Alguns dos meus amigos homossexuais não se metem nesta paradas, como a Papacagay porque acham que a sexualidade é uma questão de foro íntimo, e eu até admito a hipótese. O que não pode ser feito e querer impor sua opinião para aqueles que querem mostrar como são e sem se envergonhares de sua orientação sexual. Da mesma forma como eu sou contra uma lei que criminalize ações homofóbicas (pois acha estas leis inúteis e muitas vezes até nocivas), e as condeno pessoalmente e incentivo as pessoas a condenarem, e não há melhor forma de fazê-lo do que ir à paradas gays, com sempre vou, quando posso, mesmo sendo bainha.

Neste fim de texto homenageador de nossa Papacagay, não poderíamos deixar de me referir à  história de Sodoma, que é provavelmente a mais famosa passagem bíblica que trata da homossexualidade, ou pelo menos é considerada como tal. Ela está no livro do Gênesis, capítulo 19, versículos de 1 a 11.

Nela, por que Lot desejaria expor suas filhas ao estupro? Por que Lot se oporia ao interrogatório e abuso de seus visitantes por parte dos habitantes da cidade? Lot era apenas um homem, ou, conforme as Escrituras, um homem de bem. Ele fez o que era certo e da melhor forma possível. Entre todas as pessoas de Sodoma, apenas ele teve a delicadeza de convidar os visitantes para passar a noite em sua casa.

Nas regiões desérticas como a de Sodoma, permanecer ao relento exposto ao frio da noite podia ser fatal. Logo, uma regra básica da sociedade de Lot era oferecer hospitalidade aos viajantes. Essa mesma regra faz parte da tradição das culturas semitas e árabes. Esta regra é tão estrita que proibia o ataque até mesmo a inimigos que tivessem recebido oferta de abrigo para passar a noite. Assim, fazendo o que era certo, seguindo as leis de Deus conforme ele a entendia, Lot recusou-se a expor seus convidados ao abuso pelo homens de Sodoma. Fazê-lo significaria violar a lei da sagrada hospitalidade.

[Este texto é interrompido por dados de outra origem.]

(* Let $n\geq 2$, let $M$ be an $n$-dimensional Riemannian manifold (possibly with boundary) and let $u:M\to\mathbb{R}^{n+1}$ be a proper isometric minimal immersion with $u(\partial M)\subset\Pi:=\{\bar x\in\mathbb{R}^{n+1}:x_{n+1}=0\}$. Let $N$ be a unit normal field along $u$, $e_{n+1}$ the last standard basis vector, $X:\mathbb{R}^{n+1}\to\Pi$ the orthogonal projection, $u_{n+1}$ the last coordinate of $u$, and $$f(\bar x)=|x|^{1-n}\varphi\!\left(\frac{x_{n+1}}{|x|}\right),\qquad \varphi(t)=\int_0^t(1+\tau^2)^{-n/2}d\tau,$$ where $\bar x=(x,x_{n+1})$, $x\in\mathbb{R}^n$. Then at every point $y\in M$ with $X(u(y))\neq 0$, $$\frac{1}{|u|^n}\leq h_n\frac{|\langle e_{n+1},N\rangle|}{|X(u)|^n}+\langle\nabla (f\circ u),\nabla u_{n+1}\rangle,$$ where $h_n=(n-1)\varphi(+\infty)=(n-1)\int_0^{\infty}(1+\tau^2)^{-n/2}d\tau$ and $\nabla$ denotes the gradient on $M$ with respect to the induced metric. *)

From HB Require Import structures.
From mathcomp Require Import all_boot all_order all_algebra.
From mathcomp Require Import all_classical all_reals all_analysis.
Set Implicit Arguments. Unset Strict Implicit. Unset Printing Implicit Defensive.
Import Order.TTheory GRing.Theory Num.Theory.
Import numFieldNormedType.Exports.
Local Open Scope classical_set_scope.
Local Open Scope ring_scope.

Section Defs.
Variable R : realType.

(* Euclidean inner product and norm on row vectors (the default norm on
   matrices in mathcomp-analysis is the sup norm, so we define these). *)
Definition dot (m : nat) (p q : 'rV[R]_m) : R := (p *m q^T) 0 0.
Definition eucl (m : nat) (p : 'rV[R]_m) : R := Num.sqrt (dot p p).

Definition ebase (m : nat) (i : 'I_m) : 'rV[R]_m := delta_mx 0 i.

Definition lastc (n : nat) (p : 'rV[R]_n.+1) : R := p 0 ord_max.
Definition Xproj (n : nat) (p : 'rV[R]_n.+1) : 'rV[R]_n.+1 :=
  \row_j (if j == ord_max then 0 else p 0 j).

Definition phi_int (n : nat) (tau : R) : R := powR (1 + tau ^+ 2) (- (n%:R / 2)).
Definition phi (n : nat) (t : R) : R :=
  if 0 <= t then Rintegral lebesgue_measure `[0, t] (phi_int n)
  else - Rintegral lebesgue_measure `[t, 0] (phi_int n).

Definition h (n : nat) : R := (n%:R - 1) * lim (phi n t @[t --> +oo]).

(* f(x, x_{n+1}) = |x|^{1-n} phi(x_{n+1}/|x|), with |x| = |X(xbar)| *)
Definition f (n : nat) (p : 'rV[R]_n.+1) : R :=
  (eucl (Xproj p) ^+ n.-1)^-1 * phi n (lastc p / eucl (Xproj p)).

(* Local description of the immersed manifold by a chart (parametrization)
   u : D (open in R^n) -> R^{n+1}, with the induced metric. *)
Definition jac (n : nat) (u : 'rV[R]_n -> 'rV[R]_n.+1) (x : 'rV[R]_n)
  : 'M[R]_(n, n.+1) := \matrix_(i, j) ('D_(ebase i) u x) 0 j.

Definition metric (n : nat) (u : 'rV[R]_n -> 'rV[R]_n.+1) (x : 'rV[R]_n)
  : 'M[R]_n := jac u x *m (jac u x)^T.

Definition dcoord (n : nat) (g : 'rV[R]_n -> R) (x : 'rV[R]_n) : 'rV[R]_n :=
  \row_i 'D_(ebase i) g x.

(* <grad g1, grad g2> w.r.t. the induced metric = g^{ij} d_i g1 d_j g2 *)
Definition grad_inner (n : nat) (u : 'rV[R]_n -> 'rV[R]_n.+1)
  (g1 g2 : 'rV[R]_n -> R) (x : 'rV[R]_n) : R :=
  (dcoord g1 x *m invmx (metric u x) *m (dcoord g2 x)^T) 0 0.

Definition unit_normal (n : nat) (u : 'rV[R]_n -> 'rV[R]_n.+1)
  (N : 'rV[R]_n -> 'rV[R]_n.+1) (x : 'rV[R]_n) : Prop :=
  dot (N x) (N x) = 1 /\ forall i : 'I_n, dot ('D_(ebase i) u x) (N x) = 0.

Definition mean_curv (n : nat) (u : 'rV[R]_n -> 'rV[R]_n.+1)
  (N : 'rV[R]_n -> 'rV[R]_n.+1) (x : 'rV[R]_n) : R :=
  \sum_(i < n) \sum_(j < n)
     invmx (metric u x) i j * dot ('D_(ebase i) ('D_(ebase j) u) x) (N x).

End Defs.
Arguments dot {R m}. Arguments eucl {R m}. Arguments ebase {R m}.
Arguments lastc {R n}. Arguments Xproj {R n}. Arguments phi_int {R}.
Arguments phi {R}. Arguments h {R}. Arguments f {R}.
Arguments jac {R n}. Arguments metric {R n}. Arguments dcoord {R n}.
Arguments grad_inner {R n}. Arguments unit_normal {R n}. Arguments mean_curv {R n}.

(* Put r = |X(u)|, t = u_(n+1)/r and A = (n-1) phi + t phi'.  The Euclidean
   gradient of f at u is r^-n (- A(t) X(u)/r + phi'(t) e_(n+1)), and the
   induced-metric pairing of two gradients is the Euclidean pairing of their
   tangential parts, <a, b> - <a, N><N, b>.  Since |u|^-n = r^-n phi'(t), the
   claim becomes (- A s + phi' nu) nu <= h_n |nu| with s = <X(u), N>/r and
   nu = <e_(n+1), N>, where s^2 + nu^2 <= 1.  By Cauchy-Schwarz in the plane it
   suffices that A^2 + phi'^2 <= h_n^2: this function of t is even,
   nondecreasing on [0, oo) and tends to ((n-1) phi(oo))^2 = h_n^2. *)

From HB Require Import structures.
From mathcomp Require Import all_boot all_order all_algebra.
From mathcomp Require Import all_classical all_reals all_analysis.
From mathcomp Require Import ring lra.
Set Implicit Arguments. Unset Strict Implicit. Unset Printing Implicit Defensive.
Import Order.TTheory GRing.Theory Num.Theory.
Import numFieldNormedType.Exports.
Local Open Scope classical_set_scope.
Local Open Scope ring_scope.

Section RealDerivative.
Variable R : realType.

Lemma is_derive_exprn (g : R -> R) (x dg : R) k : is_derive x 1 g dg ->
  is_derive x 1 (fun y => g y ^+ k) (k%:R * g x ^+ k.-1 * dg).
Proof. by move=> /(is_deriveX k); rewrite exprfctE. Qed.

Lemma is_derive_ndecr (g dg : R -> R) (a b : R) :
  (forall t, a <= t <= b -> is_derive t 1 g (dg t)) ->
  (forall t, a <= t <= b -> 0 <= dg t) -> a <= b -> g a <= g b.
Proof.
move=> gd dg_ge0 ab; have gd' t : a <= t <= b -> derivable g t 1 by case/gd.
apply: (@ger0_derive1_ndecr _ g a b) => //.
- by move=> t; rewrite in_itv /= => /andP[ta tb]; apply: gd'; rewrite !ltW.
- move=> t; rewrite in_itv /= => /andP[ta tb].
  have atb : a <= t <= b by rewrite !ltW.
  by rewrite derive1E (derive_val (is_derive := gd t atb)) dg_ge0.
- apply: continuous_in_subspaceT => t; rewrite inE /= in_itv /= => atb.
  exact/differentiable_continuous/derivable1_diffP/gd'.
Qed.

End RealDerivative.

Lemma one_add_sqr_gt0 (R : realDomainType) (t : R) : 0 < 1 + t ^+ 2.
Proof. by rewrite ltr_pwDl // sqr_ge0. Qed.

Section Phi.
Variable R : realType.
Variable n : nat.
Hypothesis n_ge2 : (2 <= n)%N.
Notation mu := (@lebesgue_measure R).

Definition dphi (t : R) : R := (Num.sqrt (1 + t ^+ 2) ^+ n)^-1.

Lemma sqrt_one_add_sqr_gt0 (t : R) : 0 < Num.sqrt (1 + t ^+ 2).
Proof. by rewrite sqrtr_gt0 one_add_sqr_gt0. Qed.

Lemma sqrt_one_add_sqr_ge1 (t : R) : 1 <= Num.sqrt (1 + t ^+ 2).
Proof. by rewrite -{1}sqrtr1 ler_wsqrtr // lerDl sqr_ge0. Qed.

Lemma sqr_sqrt_one_add_sqr (t : R) : Num.sqrt (1 + t ^+ 2) ^+ 2 = 1 + t ^+ 2.
Proof. by rewrite sqr_sqrtr // ltW // one_add_sqr_gt0. Qed.

Lemma phi_intE : phi_int n = dphi.
Proof.
apply/funext => t; rewrite /phi_int /dphi powRN mulrC powRrM.
by rewrite powR12_sqrt ?ltW ?one_add_sqr_gt0 // powR_mulrn.
Qed.

Lemma dphi_gt0 (t : R) : 0 < dphi t.
Proof. by rewrite invr_gt0 exprn_gt0 // sqrt_one_add_sqr_gt0. Qed.

Lemma dphiN (t : R) : dphi (- t) = dphi t.
Proof. by rewrite /dphi sqrrN. Qed.

Lemma dphi_le (t : R) : dphi t <= (1 + t ^+ 2)^-1.
Proof.
rewrite /dphi -[in leRHS]sqr_sqrt_one_add_sqr.
rewrite lef_pV2 ?posrE ?exprn_gt0 ?sqrt_one_add_sqr_gt0 //.
by apply: ler_weXn2l; [exact: sqrt_one_add_sqr_ge1 | exact: n_ge2].
Qed.

Lemma is_derive_dphi (t : R) : is_derive t 1 dphi (- n%:R * t * dphi t / (1 + t ^+ 2)).
Proof.
have dq : is_derive t 1 (fun s : R => 1 + s ^+ 2) (2 * t).
  by apply: is_derive_eq; rewrite /GRing.scale /=; ring.
have dS := @is_derive1_comp _ _ (fun s : R => 1 + s ^+ 2) _ _ _
  (is_derive1_sqrt (one_add_sqr_gt0 t)) dq.
have S0 := sqrt_one_add_sqr_gt0 t.
have := is_derive_exprn n dS; rewrite /comp => dSn.
have := @is_deriveV _ (fun s => Num.sqrt (1 + s ^+ 2) ^+ n) _ _ _
  (expf_neq0 n (lt0r_neq0 S0)) dSn => dV; apply: is_derive_eq.
have S2 := sqr_sqrt_one_add_sqr t.
rewrite /dphi; move: S0 S2 dV; set S := Num.sqrt _ => S0 <- _.
have S0' : S != 0 := lt0r_neq0 S0.
rewrite /GRing.scale /=; case: n => [|m] /=; rewrite ?exprS.
  by rewrite !(mul0r, mulr0, oppr0).
by field; rewrite S0' expf_neq0.
Qed.

Lemma continuous_dphi : continuous dphi.
Proof.
by move=> t; case: (is_derive_dphi t) => /derivable1_diffP/differentiable_continuous.
Qed.

Lemma integrable_dphi (a b : R) : mu.-integrable `[a, b] (EFin \o dphi).
Proof.
apply: continuous_compact_integrable; first exact: segment_compact.
exact: continuous_subspaceT continuous_dphi.
Qed.

Lemma is_derive_int_dphi (a x : R) : a < x ->
  is_derive x 1 (fun z => \int[mu]_(t in `[a, z]) dphi t) (dphi x).
Proof.
move=> ax; have xx1 : x < x + 1 by rewrite ltrDl ltr01.
have [d v] := continuous_FTC1_closed xx1 (integrable_dphi a (x + 1)) ax
  (@continuous_dphi x).
by apply: DeriveDef; [exact: d | rewrite -derive1E v].
Qed.

Lemma phiE (a x : R) : a < 0 -> a < x -> phi n x =
  \int[mu]_(t in `[a, x]) dphi t - \int[mu]_(t in `[a, 0]) dphi t.
Proof.
move=> a0 ax; rewrite /phi phi_intE; case: ifPn => [x0|].
- have := @Rintegral_itvB R dphi (BLeft a) (BRight x) 0 (integrable_dphi a x).
  rewrite !bnd_simp (ltW a0) x0 => /(_ isT isT) ->.
  rewrite Rintegral_itv_obnd_cbnd //; apply: integrableS (integrable_dphi 0 x) => //.
  by apply: subset_itvr; rewrite bnd_simp.
- rewrite -ltNge => x0.
  have := @Rintegral_itvB R dphi (BLeft a) (BRight 0) x (integrable_dphi a 0).
  rewrite !bnd_simp (ltW ax) (ltW x0) => /(_ isT isT) H.
  rewrite -opprB H Rintegral_itv_obnd_cbnd //.
  apply: integrableS (integrable_dphi x 0) => //.
  by apply: subset_itvr; rewrite bnd_simp.
Qed.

Até mesmo Jesus entendia o pecado de Sodoma como o da falta de hospitalidade (Mateus 10:5-15). Outras passagens da Bíblia afirmam a mesma coisa de maneira bastante clara. Há outras referências bíblicas menos diretas a Sodoma: Isaías 1:10-17 e 3:9, Jeremias 23:14 e Sofonias 2:8-11. Os pecados listados nestas citações são a injustiça, a opressão, a parcialidade, o adultério, as mentiras e o encorajamento dos pecadores. Ainda assim, as pessoas continuam a citar a história de Sodoma para condenar aqueles que são gays e lésbicas.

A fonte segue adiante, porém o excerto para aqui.